All lines below containing "rewrite" are to be listed.

----- SUPPLIED MATERIAL -----

Theorem theorem2p32 (R : realType) (d : nat) (rho sigma U V : 'M[R[i]]_d)
  (p q : 'I_d -> R) :
  is_state rho -> is_state sigma ->
  spectral_dec rho U p -> spectral_dec sigma V q ->
  (D_KL rho sigma U V p q <=
     (2%:E + D_inf U V p q) * (D_H2 U V p q)%:E)%E.
Proof.
move=> rho_st sigma_st rho_dec sigma_dec.
have [[hU _] [hV _]] := (rho_dec, sigma_dec).
have p_ge0 := state_eigen_ge0 rho_st rho_dec; have q_ge0 := state_eigen_ge0 sigma_st sigma_dec.
have p_sum := state_eigen_sum rho_st rho_dec; have q_sum := state_eigen_sum sigma_st sigma_dec.
have w_ge0 := @overlap_ge0 R d U V.
have w_row := overlap_row_sum _ hU hV; have w_col := overlap_col_sum _ hU hV.
rewrite D_H2_overlap //.
have [/existsP[i /existsP[j /andP[pw /eqP qj0]]]|/existsPn none] :=
  boolP [exists i, exists j, (p i * overlap U V i j != 0) && (q j == 0)].
  rewrite (D_inf_pinfty pw qj0) addey // gt0_mulye ?leey // lte_fin.
  exact: weighted_hellinger_gt0 pw qj0.
have supp i j : p i * overlap U V i j != 0 -> q j != 0.
  by move=> pw; have /existsPn/(_ j) := none i; rewrite pw.
have [i0 [j0 [pw0 qp0]]] := exists_weighted_le w_ge0 w_row w_col p_ge0 q_ge0 p_sum q_sum.
set X := D_inf U V p q.
have X_ge i j (pw : p i * overlap U V i j != 0) := D_inf_ge pw (supp i j pw).
have X_ge0 : (0 <= X)%E.
  apply: le_trans (X_ge _ _ pw0); rewrite lee_fin ln_ge0 // ler_pdivlMr ?mul1r //.
  by rewrite lt_def (supp _ _ pw0) q_ge0.
have Xfin : X \is a fin_num by rewrite ge0_fin_numE // D_inf_lt_pinfty.
rewrite /D_KL asboolT; last exact: overlap_support_ker_sub rho_dec sigma_dec supp.
rewrite (rel_entropy_overlap rho_dec hV) ?p_sum ?q_sum // -(fineK Xfin) -EFinD -EFinM.
rewrite lee_fin weighted_kl_le // => [|i j pw]; first by rewrite -lee_fin fineK.
by split; [exact: supp pw | rewrite -lee_fin fineK // X_ge].
Qed.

-----

### EXERCISE RESULT
rewrite D_H2_overlap //.
  rewrite (D_inf_pinfty pw qj0) addey // gt0_mulye ?leey // lte_fin.
  by move=> pw; have /existsPn/(_ j) := none i; rewrite pw.
  apply: le_trans (X_ge _ _ pw0); rewrite lee_fin ln_ge0 // ler_pdivlMr ?mul1r //.
  by rewrite lt_def (supp _ _ pw0) q_ge0.
have Xfin : X \is a fin_num by rewrite ge0_fin_numE // D_inf_lt_pinfty.
rewrite /D_KL asboolT; last exact: overlap_support_ker_sub rho_dec sigma_dec supp.
rewrite (rel_entropy_overlap rho_dec hV) ?p_sum ?q_sum // -(fineK Xfin) -EFinD -EFinM.
rewrite lee_fin weighted_kl_le // => [|i j pw]; first by rewrite -lee_fin fineK.
by split; [exact: supp pw | rewrite -lee_fin fineK // X_ge].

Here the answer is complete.